__What is required__. A faithful, word-for-word transcription of all the data is what is needed.

__Extracted entries__.
------------------------------------

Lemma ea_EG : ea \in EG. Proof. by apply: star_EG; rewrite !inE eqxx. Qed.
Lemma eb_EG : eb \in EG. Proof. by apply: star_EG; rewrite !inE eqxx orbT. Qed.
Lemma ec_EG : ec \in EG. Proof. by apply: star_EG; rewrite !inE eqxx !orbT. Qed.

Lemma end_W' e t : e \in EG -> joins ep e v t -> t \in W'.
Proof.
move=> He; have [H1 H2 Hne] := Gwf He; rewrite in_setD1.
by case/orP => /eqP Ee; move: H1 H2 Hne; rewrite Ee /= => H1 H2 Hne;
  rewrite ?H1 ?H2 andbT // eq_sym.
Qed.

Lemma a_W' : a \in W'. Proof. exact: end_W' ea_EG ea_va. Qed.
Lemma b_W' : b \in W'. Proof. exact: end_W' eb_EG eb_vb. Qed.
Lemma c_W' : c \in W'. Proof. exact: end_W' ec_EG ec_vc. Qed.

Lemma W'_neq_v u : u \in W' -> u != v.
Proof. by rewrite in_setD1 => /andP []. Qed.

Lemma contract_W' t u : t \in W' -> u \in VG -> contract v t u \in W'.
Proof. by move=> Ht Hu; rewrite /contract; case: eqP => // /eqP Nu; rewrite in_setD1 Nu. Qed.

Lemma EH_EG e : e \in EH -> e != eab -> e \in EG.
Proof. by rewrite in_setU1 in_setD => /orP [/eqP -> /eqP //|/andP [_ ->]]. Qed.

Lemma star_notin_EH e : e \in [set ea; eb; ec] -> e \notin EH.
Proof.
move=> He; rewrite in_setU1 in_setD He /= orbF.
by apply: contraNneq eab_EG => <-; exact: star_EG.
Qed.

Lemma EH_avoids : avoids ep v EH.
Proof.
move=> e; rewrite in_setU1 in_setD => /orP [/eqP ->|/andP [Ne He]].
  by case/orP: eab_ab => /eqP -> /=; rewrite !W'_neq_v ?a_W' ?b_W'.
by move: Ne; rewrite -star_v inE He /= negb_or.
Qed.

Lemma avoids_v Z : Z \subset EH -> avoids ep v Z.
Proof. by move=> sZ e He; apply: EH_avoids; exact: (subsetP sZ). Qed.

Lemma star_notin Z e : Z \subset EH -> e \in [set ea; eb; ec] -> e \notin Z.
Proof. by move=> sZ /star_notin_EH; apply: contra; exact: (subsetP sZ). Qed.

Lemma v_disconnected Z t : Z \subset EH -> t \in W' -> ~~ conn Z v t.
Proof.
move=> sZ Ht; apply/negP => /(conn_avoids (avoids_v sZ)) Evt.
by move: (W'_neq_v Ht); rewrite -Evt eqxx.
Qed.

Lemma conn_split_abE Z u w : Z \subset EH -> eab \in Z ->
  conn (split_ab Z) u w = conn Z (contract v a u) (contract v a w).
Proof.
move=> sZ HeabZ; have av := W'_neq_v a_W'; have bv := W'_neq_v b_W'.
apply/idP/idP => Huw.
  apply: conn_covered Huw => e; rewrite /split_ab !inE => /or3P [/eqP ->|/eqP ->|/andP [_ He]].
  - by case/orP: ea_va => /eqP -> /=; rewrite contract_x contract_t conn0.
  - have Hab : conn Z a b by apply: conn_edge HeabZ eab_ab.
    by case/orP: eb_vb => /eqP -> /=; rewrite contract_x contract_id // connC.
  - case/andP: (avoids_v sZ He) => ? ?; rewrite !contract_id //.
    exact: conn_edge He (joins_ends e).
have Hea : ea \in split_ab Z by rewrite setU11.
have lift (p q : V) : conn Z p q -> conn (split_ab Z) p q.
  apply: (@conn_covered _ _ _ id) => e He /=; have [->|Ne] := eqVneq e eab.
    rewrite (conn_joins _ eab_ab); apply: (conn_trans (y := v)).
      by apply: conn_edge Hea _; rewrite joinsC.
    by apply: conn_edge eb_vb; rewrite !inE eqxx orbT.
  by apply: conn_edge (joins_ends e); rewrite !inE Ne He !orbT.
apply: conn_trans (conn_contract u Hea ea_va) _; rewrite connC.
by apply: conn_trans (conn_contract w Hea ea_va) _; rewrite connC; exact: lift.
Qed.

------------------------------------

__Response to the exercise__.
Lemma ea_EG : ea \in EG. Proof. by apply: star_EG; rewrite !inE eqxx. Qed.
Lemma eb_EG : eb \in EG. Proof. by apply: star_EG; rewrite !inE eqxx orbT. Qed.
Lemma ec_EG : ec \in EG. Proof. by apply: star_EG; rewrite !inE eqxx !orbT. Qed.

Lemma end_W' e t : e \in EG -> joins ep e v t -> t \in W'.
Proof.
move=> He; have [H1 H2 Hne] := Gwf He; rewrite in_setD1.
by case/orP => /eqP Ee; move: H1 H2 Hne; rewrite Ee /= => H1 H2 Hne;
  rewrite ?H1 ?H2 andbT // eq_sym.
Qed.

Lemma a_W' : a \in W'. Proof. exact: end_W' ea_EG ea_va. Qed.
Lemma b_W' : b \in W'. Proof. exact: end_W' eb_EG eb_vb. Qed.
Lemma c_W' : c \in W'. Proof. exact: end_W' ec_EG ec_vc. Qed.

Lemma W'_neq_v u : u \in W' -> u != v.
Proof. by rewrite in_setD1 => /andP []. Qed.

Lemma contract_W' t u : t \in W' -> u \in VG -> contract v t u \in W'.
Proof. by move=> Ht Hu; rewrite /contract; case: eqP => // /eqP Nu; rewrite in_setD1 Nu. Qed.

Lemma EH_EG e : e \in EH -> e != eab -> e \in EG.
Proof. by rewrite in_setU1 in_setD => /orP [/eqP -> /eqP //|/andP [_ ->]]. Qed.

Lemma star_notin_EH e : e \in [set ea; eb; ec] -> e \notin EH.
Proof.
move=> He; rewrite in_setU1 in_setD He /= orbF.
by apply: contraNneq eab_EG => <-; exact: star_EG.
Qed.

Lemma EH_avoids : avoids ep v EH.
Proof.
move=> e; rewrite in_setU1 in_setD => /orP [/eqP ->|/andP [Ne He]].
  by case/orP: eab_ab => /eqP -> /=; rewrite !W'_neq_v ?a_W' ?b_W'.
by move: Ne; rewrite -star_v inE He /= negb_or.
Qed.

Lemma avoids_v Z : Z \subset EH -> avoids ep v Z.
Proof. by move=> sZ e He; apply: EH_avoids; exact: (subsetP sZ). Qed.

Lemma star_notin Z e : Z \subset EH -> e \in [set ea; eb; ec] -> e \notin Z.
Proof. by move=> sZ /star_notin_EH; apply: contra; exact: (subsetP sZ). Qed.

Lemma v_disconnected Z t : Z \subset EH -> t \in W' -> ~~ conn Z v t.
Proof.
move=> sZ Ht; apply/negP => /(conn_avoids (avoids_v sZ)) Evt.
by move: (W'_neq_v Ht); rewrite -Evt eqxx.
Qed.

Lemma conn_split_abE Z u w : Z \subset EH -> eab \in Z ->
  conn (split_ab Z) u w = conn Z (contract v a u) (contract v a w).
Proof.
move=> sZ HeabZ; have av := W'_neq_v a_W'; have bv := W'_neq_v b_W'.
apply/idP/idP => Huw.
  apply: conn_covered Huw => e; rewrite /split_ab !inE => /or3P [/eqP ->|/eqP ->|/andP [_ He]].
  - by case/orP: ea_va => /eqP -> /=; rewrite contract_x contract_t conn0.
  - have Hab : conn Z a b by apply: conn_edge HeabZ eab_ab.
    by case/orP: eb_vb => /eqP -> /=; rewrite contract_x contract_id // connC.
  - case/andP: (avoids_v sZ He) => ? ?; rewrite !contract_id //.
    exact: conn_edge He (joins_ends e).
have Hea : ea \in split_ab Z by rewrite setU11.
have lift (p q : V) : conn Z p q -> conn (split_ab Z) p q.
  apply: (@conn_covered _ _ _ id) => e He /=; have [->|Ne] := eqVneq e eab.
    rewrite (conn_joins _ eab_ab); apply: (conn_trans (y := v)).
      by apply: conn_edge Hea _; rewrite joinsC.
    by apply: conn_edge eb_vb; rewrite !inE eqxx orbT.
  by apply: conn_edge (joins_ends e); rewrite !inE Ne He !orbT.
apply: conn_trans (conn_contract u Hea ea_va) _; rewrite connC.
by apply: conn_trans (conn_contract w Hea ea_va) _; rewrite connC; exact: lift.
Qed.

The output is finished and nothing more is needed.